Information given ▸
(* Let $\tau_1(x)=\frac{x+1}{x+3}$ and $\tau_2(x)=\frac{2}{4-x}$ on $[0,1]$. For $t>0$ let $A_1(y)=\frac12\left(\log\frac{2}{(y-1)^2}+\log 2\right)$ (used on $\tau_1([0,1])=[1/3,1/2]$) and $A_2(y,t)=\frac12\left(\log\frac{2}{y^2}+\log(2t^2)\right)$ (used on $\tau_2([0,1])=[1/2,2/3]$). Let $V_1(x,t)=\log\left(t\left(2+\sqrt2-\frac{x}{\sqrt2}\right)\right)$, $V_2(x,t)=\log(x+1+\sqrt2)$ and $V(x,t)=\max\{V_1(x,t),V_2(x,t)\}$. If $0<t\le t_1:=\frac{4(4+3\sqrt2)}{18+13\sqrt2}$, then for every $x\in[1/3,2/3]$, $$V(x,t)+\log(2+\sqrt2)=\max\{A_1(\tau_1(x))+V(\tau_1(x),t),\,A_2(\tau_2(x),t)+V(\tau_2(x),t)\},$$ so $V(\cdot,t)$ is a calibrated subaction with maximal value $m(A,t)=\log(2+\sqrt2)$.
   Context: This potential is associated with the pair of matrices $\begin{pmatrix}2&1\\2&2\end{pmatrix}$ and $t\begin{pmatrix}2&2\\1&2\end{pmatrix}$, whose projective actions on $[0,1]$ are $\tau_1,\tau_2$. *)

From Stdlib Require Import Reals.
Open Scope R_scope.

Definition tau1 (x : R) : R := (x + 1) / (x + 3).
Definition tau2 (x : R) : R := 2 / (4 - x).

Definition Apot1 (y : R) : R := / 2 * (ln (2 / (y - 1) ^ 2) + ln 2).
Definition Apot2 (y t : R) : R := / 2 * (ln (2 / y ^ 2) + ln (2 * t ^ 2)).

Definition V1 (x t : R) : R := ln (t * (2 + sqrt 2 - x / sqrt 2)).
Definition V2 (x t : R) : R := ln (x + 1 + sqrt 2).
Definition V (x t : R) : R := Rmax (V1 x t) (V2 x t).

Definition t1 : R := 4 * (4 + 3 * sqrt 2) / (18 + 13 * sqrt 2).

(* Since A1 (tau1 x) = ln (x + 3) and A2 (tau2 x) t = ln (t (4 - x)),
   both sides are logarithms of maxima of functions affine in x:
     (2 + √2) e^V(x) = max (d, c),   (x + 3) e^V(tau1 x) = max (a, c),
     t (4 - x) e^V(tau2 x) = max (b, d),
   where c = (2 + √2) x + 4 + 3√2,  d = t (6 + 4√2 - (1 + √2) x),
         a = t ((2 + √2/2) x + 6 + 5√2/2),  b = t² (8 + 3√2 - (2 + √2) x).
   So V2 ∘ tau1 reproduces V2 and V1 ∘ tau2 reproduces V1, and the identity reduces
   to a <= max (d, c) and b <= max (d, c), which is where t <= t1 is used. *)

From Stdlib Require Import Reals Lra Nsatz.
Open Scope R_scope.

Lemma Rmax_ln (a b : R) : 0 < a -> 0 < b -> Rmax (ln a) (ln b) = ln (Rmax a b).
Proof.
  intros Ha Hb. destruct (Rle_or_lt a b) as [Hab | Hba].
  - rewrite (Rmax_right a b Hab). apply Rmax_right.
    destruct Hab as [Hlt | ->]; [left; now apply ln_increasing | apply Rle_refl].
  - rewrite (Rmax_left a b (Rlt_le _ _ Hba)).
    apply Rmax_left, Rlt_le, ln_increasing; assumption.
Qed.

Lemma Rmax_dominated (a b c d : R) : a <= Rmax d c -> b <= Rmax d c ->
  Rmax (Rmax a c) (Rmax b d) = Rmax d c.
Proof. intros; unfold Rmax in *; repeat destruct Rle_dec; lra. Qed.

Lemma half_ln_pow2 (u : R) : 0 < u -> / 2 * ln (u ^ 2) = ln u.
Proof. intros Hu. rewrite ln_pow by assumption. simpl INR. field. Qed.

Lemma sqrt2_sq : sqrt 2 * sqrt 2 = 2.
Proof. apply sqrt_sqrt; lra. Qed.

Lemma sqrt2_bounds : 1.41 < sqrt 2 < 1.42.
Proof.
  assert (Hs := sqrt2_sq). assert (Hpos : 0 < sqrt 2) by (apply sqrt_lt_R0; lra).
  split; nra.
Qed.

Lemma sqrt2_inv : sqrt 2 * / sqrt 2 = 1.
Proof. apply Rinv_r. pose proof sqrt2_bounds; lra. Qed.

(* [nsatz] treats [/ sqrt 2] and [/ 2] as atoms; the inverse identities cancel them. *)
Ltac sqrt2_nsatz :=
  pose proof sqrt2_sq; pose proof sqrt2_inv;
  assert (2 * / 2 = 1) by lra; unfold Rdiv; nsatz.

Lemma t1_eq : t1 = 4 * (3 - sqrt 2) / 7.
Proof.
  assert ((18 + 13 * sqrt 2) * / (18 + 13 * sqrt 2) = 1)
    by (apply Rinv_r; pose proof sqrt2_bounds; lra).
  assert (7 * / 7 = 1) by lra.
  unfold t1. sqrt2_nsatz.
Qed.

Lemma tau1_in_01 (x : R) : 0 <= x <= 1 -> 0 <= tau1 x <= 1.
Proof.
  intros Hx. unfold tau1. split.
  - apply Rlt_le, Rdiv_lt_0_compat; lra.
  - apply Rmult_le_reg_r with (x + 3); [lra |]. field_simplify; lra.
Qed.

Lemma tau2_in_01 (x : R) : 0 <= x <= 1 -> 0 <= tau2 x <= 1.
Proof.
  intros Hx. unfold tau2. split.
  - apply Rlt_le, Rdiv_lt_0_compat; lra.
  - apply Rmult_le_reg_r with (4 - x); [lra |]. field_simplify; lra.
Qed.

Lemma Apot1_tau1 (x : R) : -3 < x -> Apot1 (tau1 x) = ln (x + 3).
Proof.
  intros Hx. unfold Apot1, tau1.
  replace (2 / ((x + 1) / (x + 3) - 1) ^ 2) with ((x + 3) ^ 2 / 2)
    by (field; split; lra).
  rewrite <- ln_mult by (try apply Rdiv_lt_0_compat; try apply pow_lt; lra).
  replace ((x + 3) ^ 2 / 2 * 2) with ((x + 3) ^ 2) by field.
  apply half_ln_pow2; lra.
Qed.

Lemma Apot2_tau2 (x t : R) : x < 4 -> 0 < t -> Apot2 (tau2 x) t = ln (t * (4 - x)).
Proof.
  intros Hx Ht. unfold Apot2, tau2.
  replace (2 / (2 / (4 - x)) ^ 2) with ((4 - x) ^ 2 / 2) by (field; lra).
  rewrite <- ln_mult
    by (try apply Rdiv_lt_0_compat; try apply Rmult_lt_0_compat; try apply pow_lt; lra).
  replace ((4 - x) ^ 2 / 2 * (2 * t ^ 2)) with ((t * (4 - x)) ^ 2) by field.
  apply half_ln_pow2, Rmult_lt_0_compat; lra.
Qed.

Definition expV (x t : R) : R := Rmax (t * (2 + sqrt 2 - x / sqrt 2)) (x + 1 + sqrt 2).

Lemma expV_pos (x t : R) : 0 <= x <= 1 -> 0 < expV x t.
Proof.
  intros Hx. pose proof sqrt2_bounds.
  apply Rlt_le_trans with (x + 1 + sqrt 2); [lra | apply Rmax_r].
Qed.

Lemma V_eq_ln_expV (x t : R) : 0 <= x <= 1 -> 0 < t -> V x t = ln (expV x t).
Proof.
  intros Hx Ht. pose proof sqrt2_bounds.
  assert (x / sqrt 2 = x * sqrt 2 / 2) by sqrt2_nsatz.
  unfold V, V1, V2, expV. apply Rmax_ln; [apply Rmult_lt_0_compat |]; nra.
Qed.

Lemma expV_scaled (x t : R) :
  (2 + sqrt 2) * expV x t
  = Rmax (t * (6 + 4 * sqrt 2 - (1 + sqrt 2) * x)) ((2 + sqrt 2) * x + 4 + 3 * sqrt 2).
Proof.
  pose proof sqrt2_bounds. unfold expV.
  rewrite <- RmaxRmult by lra. f_equal; sqrt2_nsatz.
Qed.

Lemma expV_tau1 (x t : R) : -3 < x ->
  (x + 3) * expV (tau1 x) t
  = Rmax (t * ((2 + sqrt 2 / 2) * x + 6 + 5 * sqrt 2 / 2)) ((2 + sqrt 2) * x + 4 + 3 * sqrt 2).
Proof.
  intros Hx. assert ((x + 3) * / (x + 3) = 1) by (apply Rinv_r; lra).
  unfold expV, tau1. rewrite <- RmaxRmult by lra. f_equal; sqrt2_nsatz.
Qed.

Lemma expV_tau2 (x t : R) : x < 4 -> 0 <= t ->
  t * (4 - x) * expV (tau2 x) t
  = Rmax (t * t * (8 + 3 * sqrt 2 - (2 + sqrt 2) * x)) (t * (6 + 4 * sqrt 2 - (1 + sqrt 2) * x)).
Proof.
  intros Hx Ht. assert ((4 - x) * / (4 - x) = 1) by (apply Rinv_r; lra).
  unfold expV, tau2. rewrite <- RmaxRmult by (apply Rmult_le_pos; lra).
  f_equal; sqrt2_nsatz.
Qed.

(* Below x = √2 - 1 the first branch dominates for every t >= 0; above it the second
   one does as long as t <= t1, with equality at x = √2 - 1 and t = t1. *)
Lemma tau1_branch_le (x t : R) : 0 <= t <= t1 ->
  t * ((2 + sqrt 2 / 2) * x + 6 + 5 * sqrt 2 / 2)
  <= Rmax (t * (6 + 4 * sqrt 2 - (1 + sqrt 2) * x)) ((2 + sqrt 2) * x + 4 + 3 * sqrt 2).
Proof.
  intros Ht. rewrite t1_eq in Ht. pose proof sqrt2_sq; pose proof sqrt2_bounds.
  assert (sqrt 2 * sqrt 2 * x = 2 * x) by (rewrite sqrt2_sq; ring).
  destruct (Rle_or_lt x (sqrt 2 - 1)) as [Hx | Hx].
  - eapply Rle_trans; [| apply Rmax_l]. apply Rmult_le_compat_l; nra.
  - eapply Rle_trans; [| apply Rmax_r].
    apply Rle_trans with (4 * (3 - sqrt 2) / 7 * ((2 + sqrt 2 / 2) * x + 6 + 5 * sqrt 2 / 2)).
    + apply Rmult_le_compat_r; nra.
    + nra.
Qed.

Lemma tau2_branch_le (x t : R) : 0 <= x <= 1 -> 0 <= t <= t1 ->
  t * t * (8 + 3 * sqrt 2 - (2 + sqrt 2) * x)
  <= Rmax (t * (6 + 4 * sqrt 2 - (1 + sqrt 2) * x)) ((2 + sqrt 2) * x + 4 + 3 * sqrt 2).
Proof.
  intros Hx Ht. rewrite t1_eq in Ht. pose proof sqrt2_sq; pose proof sqrt2_bounds.
  eapply Rle_trans; [| apply Rmax_l].
  rewrite Rmult_assoc. apply Rmult_le_compat_l; [lra |].
  apply Rle_trans with (4 * (3 - sqrt 2) / 7 * (8 + 3 * sqrt 2 - (2 + sqrt 2) * x)).
  - apply Rmult_le_compat_r; nra.
  - nra.
Qed.

Theorem mainTheorem4 (t : R) (ht0 : 0 < t) (ht1 : t <= t1) :
  forall x : R, 1 / 3 <= x <= 2 / 3 ->
    V x t + ln (2 + sqrt 2) =
    Rmax (Apot1 (tau1 x) + V (tau1 x) t) (Apot2 (tau2 x) t + V (tau2 x) t).
Proof.
  intros x Hx.
  assert (Hx01 : 0 <= x <= 1) by lra.
  pose proof (tau1_in_01 x Hx01); pose proof (tau2_in_01 x Hx01); pose proof sqrt2_bounds.
  rewrite Apot1_tau1, Apot2_tau2, !V_eq_ln_expV by lra.
  rewrite Rplus_comm, <- !ln_mult
    by (try apply expV_pos; try apply Rmult_lt_0_compat; lra).
  rewrite Rmax_ln by (apply Rmult_lt_0_compat; try apply Rmult_lt_0_compat; try apply expV_pos; lra).
  rewrite expV_scaled, expV_tau1, expV_tau2 by lra.
  rewrite Rmax_dominated; [reflexivity | apply tau1_branch_le | apply tau2_branch_le]; lra.
Qed.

Work item ▸
Note which lines carry the word "where" in the material, then copy each of them.

Result of the task ▸
   where c = (2 + √2) x + 4 + 3√2,  d = t (6 + 4√2 - (1 + √2) x),
   to a <= max (d, c) and b <= max (d, c), which is where t <= t1 is used. *)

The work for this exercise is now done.